═════ The data ═════

Theorem lemma3p1 (A : finType) (w : nat -> seq A) :
  exists phi : nat -> nat,
    (forall n, phi n < phi n.+1) /\
    exists (u : seq (seq A)) (Bs : seq {set A}),
      fact_pattern u Bs /\ adequate u Bs (fun n => w (phi n)).
Proof.
have w_over n : all (fun a => a \in [set: A]) (w n) by apply/allP => a; rewrite in_setT.
have [phi [phi_incr w_her]] := has_hereditary_subseq_over w_over.
by exists phi; split=> //; apply: (w_her id ltnSn).
Qed.
Lemma merged_code_walk i v w ls : merged_code T i v w ls ->
  size ls = n /\ exists A, walk i n A (rotl i (nth 0 ls)) /\
    [\/ A n = A 0%N, A 0%N = v /\ A n = w | A 0%N = w /\ A n = v].
Proof.
move=> [sz [as_ [bs [_ _ H]]]]; split=> //.
pose last_edge := ((i + n.-1) %% n)%N.
exists (fun t => if (t < n)%N then rotl i (nth 0 as_) t else nth 0 bs last_edge).
split=> [t tn|].
- have lt_jn : ((i + t) %% n < n)%N by rewrite ltn_pmod.
  have [e me] := H _ lt_jn; rewrite tn /rotl.
  rewrite (@eq_edge_mod _ ((i + t) %% n)%N); last by rewrite modn_mod.
  have succ_j : (((i + t) %% n).+1 %% n = (i + t.+1) %% n)%N.
    by rewrite -[_.+1]addn1 modnDml addn1 addnS.
  case: (ltngtP t.+1 n) tn => // [lt_tn|eq_tn] _; last first.
    by have -> : last_edge = ((i + t) %% n)%N by rewrite /last_edge -eq_tn.
  rewrite succ_j in me; case: me => [<-|[eq_i _]] //; exfalso.
  move: eq_i; rewrite succ_j -[in X in (_ = X %% _)%N](addn0 i) => /eqP.
  by rewrite eqn_modDl mod0n modn_small // => /eqP.
- have lt_jn : (last_edge < n)%N by rewrite ltn_pmod.
  have [_] := H _ lt_jn; rewrite ltnn n_gt0 /rotl addn0.
  have -> : (last_edge.+1 %% n = i %% n)%N.
    by rewrite -[_.+1]addn1 modnDml addn1 -addnS prednK // modnDr.
  by case=> [->|[_ [[-> ->]|[-> ->]]]]; [constructor 1 | constructor 3 | constructor 2].
Qed.

Lemma walk_merged_code i A l : walk i n A l ->
  merged_code T i (A 0%N) (A n) (mkseq (rotr i l) n).
Proof.
move=> wA; split; first by rewrite size_mkseq.
exists (mkseq (rotr i A) n), (mkseq (rotr i (fun k => A k.+1)) n).
split; rewrite ?size_mkseq // => j jn; rewrite !nth_mkseq ?ltn_pmod //.
set t := ((n - i %% n + j) %% n)%N.
have lt_tn : (t < n)%N by rewrite ltn_pmod.
have level_t : (i + t = j %[mod n])%N by rewrite (modn_small jn); exact: (rotrK i id jn).
split; first by rewrite /rotr -/t (@eq_edge_mod _ (i + t)) //; exact: wA.
have succ_t : ((n - i %% n + j.+1 %% n) %% n = t.+1 %% n)%N.
  by rewrite modnDmr addnS /t -[in RHS]addn1 modnDml addn1.
rewrite /merge_eq /rotr -/t succ_t; case: (ltngtP t.+1 n) lt_tn => // [lt_tn|eq_tn] _.
  by left; rewrite modn_small.
right; split; last by right; rewrite eq_tn modnn.
by rewrite -addn1 -modnDml -level_t modnDml addn1 -addnS eq_tn modnDr.
Qed.

Lemma mergeable_of_closable i v w : vert T i v -> vert T i w -> v <> w ->
  (forall A l, walk i n A l -> (A 0%N = v /\ A n = w) \/ (A 0%N = w /\ A n = v) ->
     closable i l) ->
  mergeable T.
Proof.
move=> vv vw neq_vw fix_open; exists i, v, w; split=> // ls.
split; last exact: code_merged_code.
case/merged_code_walk=> sz [A [wA ends]]; apply: (closable_code sz).
by case: ends => [closed|ends|ends]; [exists A | apply: (fix_open A)..]; auto.
Qed.

Lemma fragment_walk_uniq : fragment_one_to_one T ->
  forall i A A' l k, walk i n A l -> walk i n A' l -> (k <= n)%N -> A k = A' k.
Proof.
move=> frag i A A' l k wA wA' kn.
have := frag i _ _ _ (size_mkseq l n) (walk_path wA) (walk_path wA').
by move/(congr1 (nth 0 ^~ k)); rewrite !nth_mkseq.
Qed.

Lemma fragment_of_walk_uniq :
  (forall i A A' l k, walk i n A l -> walk i n A' l -> (k <= n)%N -> A k = A' k) ->
  fragment_one_to_one T.
Proof.
move=> uniq i vs vs' ls sz p p'; have [sz_vs _] := p; have [sz_vs' _] := p'.
have := path_walk p; have := path_walk p'; rewrite sz => wA' wA.
apply: (@eq_from_nth _ 0) => [|k]; first by rewrite sz_vs sz_vs'.
by rewrite sz_vs sz ltnS; exact: uniq wA wA'.
Qed.

Lemma zero_label_walk : nonmergeable T -> one_to_one T ->
  forall i D k, walk i n D (fun=> 0) -> (k <= n)%N -> D k = 0.
Proof.
move=> nmT injT i D k wD kn; have [closed|open] := eqVneq (D n) (D 0%N).
  have eq_cyc := injT _ _ _ (walk_cycle wD closed) (walk_cycle (@walk0 i n) erefl).
  suff D0 t : (t < n)%N -> D t = 0.
    by move: kn; rewrite leq_eqVlt => /orP[/eqP->|]; [rewrite closed; apply: D0 | apply: D0].
  move=> tn; move/(congr1 (nth 0 ^~ ((i + t) %% n)%N)): eq_cyc.
  by rewrite !nth_mkseq ?ltnS 1?ltnW ?ltn_pmod // -!/(rotl i _ t) !rotlK.
(* Otherwise the ends of D can be merged: adding or subtracting D closes any
   round walk between them. *)
case: nmT; apply: (mergeable_of_closable (walk_vert0 n_gt0 wD) (walk_vertn wD)).
  by apply/eqP; rewrite eq_sym.
move=> A l wA [[A0 An]|[A0 An]].
- exists (fun k => A k - D k); split; last by rewrite A0 An !subrr.
  by apply: eq_walk (walkB wA wD) => // t _; rewrite subr0.
- exists (fun k => A k + D k); split; last by rewrite A0 An addrC.
  by apply: eq_walk (walkD wA wD) => // t _; rewrite addr0.
Qed.

Lemma nonmergeable_fragment_one_to_one :
  nonmergeable T -> one_to_one T -> fragment_one_to_one T.
Proof.
move=> nmT injT; apply: fragment_of_walk_uniq => i A A' l k wA wA' kn.
apply/eqP; rewrite -subr_eq0; apply/eqP.
apply: (zero_label_walk nmT injT (D := fun k => A k - A' k) _ kn).
by apply: eq_walk (walkB wA wA') => // t _; rewrite subrr.
Qed.

Definition round_reach i x y :=
  exists A l, [/\ walk i n A l, A 0%N = x & A n = y].

Lemma round_reach00 i : round_reach i 0 0.
Proof. by exists (fun=> 0), (fun=> 0); split=> //; exact: walk0. Qed.

Lemma round_reachD i x y x' y' : round_reach i x y -> round_reach i x' y' ->
  round_reach i (x + x') (y + y').
Proof.
move=> [A [l [wA <- <-]]] [A' [l' [wA' <- <-]]].
by exists (fun k => A k + A' k), (fun k => l k + l' k); split=> //; exact: walkD.
Qed.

═════

### Your task
Write down exactly the span of lines above from the one containing "move=> [sz [as_ [bs [_ _ H]]]]; split=> //." to the one containing "by have -> : last_edge", both ends included.

### Completed exercise
move=> [sz [as_ [bs [_ _ H]]]]; split=> //.
pose last_edge := ((i + n.-1) %% n)%N.
exists (fun t => if (t < n)%N then rotl i (nth 0 as_) t else nth 0 bs last_edge).
split=> [t tn|].
- have lt_jn : ((i + t) %% n < n)%N by rewrite ltn_pmod.
  have [e me] := H _ lt_jn; rewrite tn /rotl.
  rewrite (@eq_edge_mod _ ((i + t) %% n)%N); last by rewrite modn_mod.
  have succ_j : (((i + t) %% n).+1 %% n = (i + t.+1) %% n)%N.
    by rewrite -[_.+1]addn1 modnDml addn1 addnS.
  case: (ltngtP t.+1 n) tn => // [lt_tn|eq_tn] _; last first.
    by have -> : last_edge = ((i + t) %% n)%N by rewrite /last_edge -eq_tn.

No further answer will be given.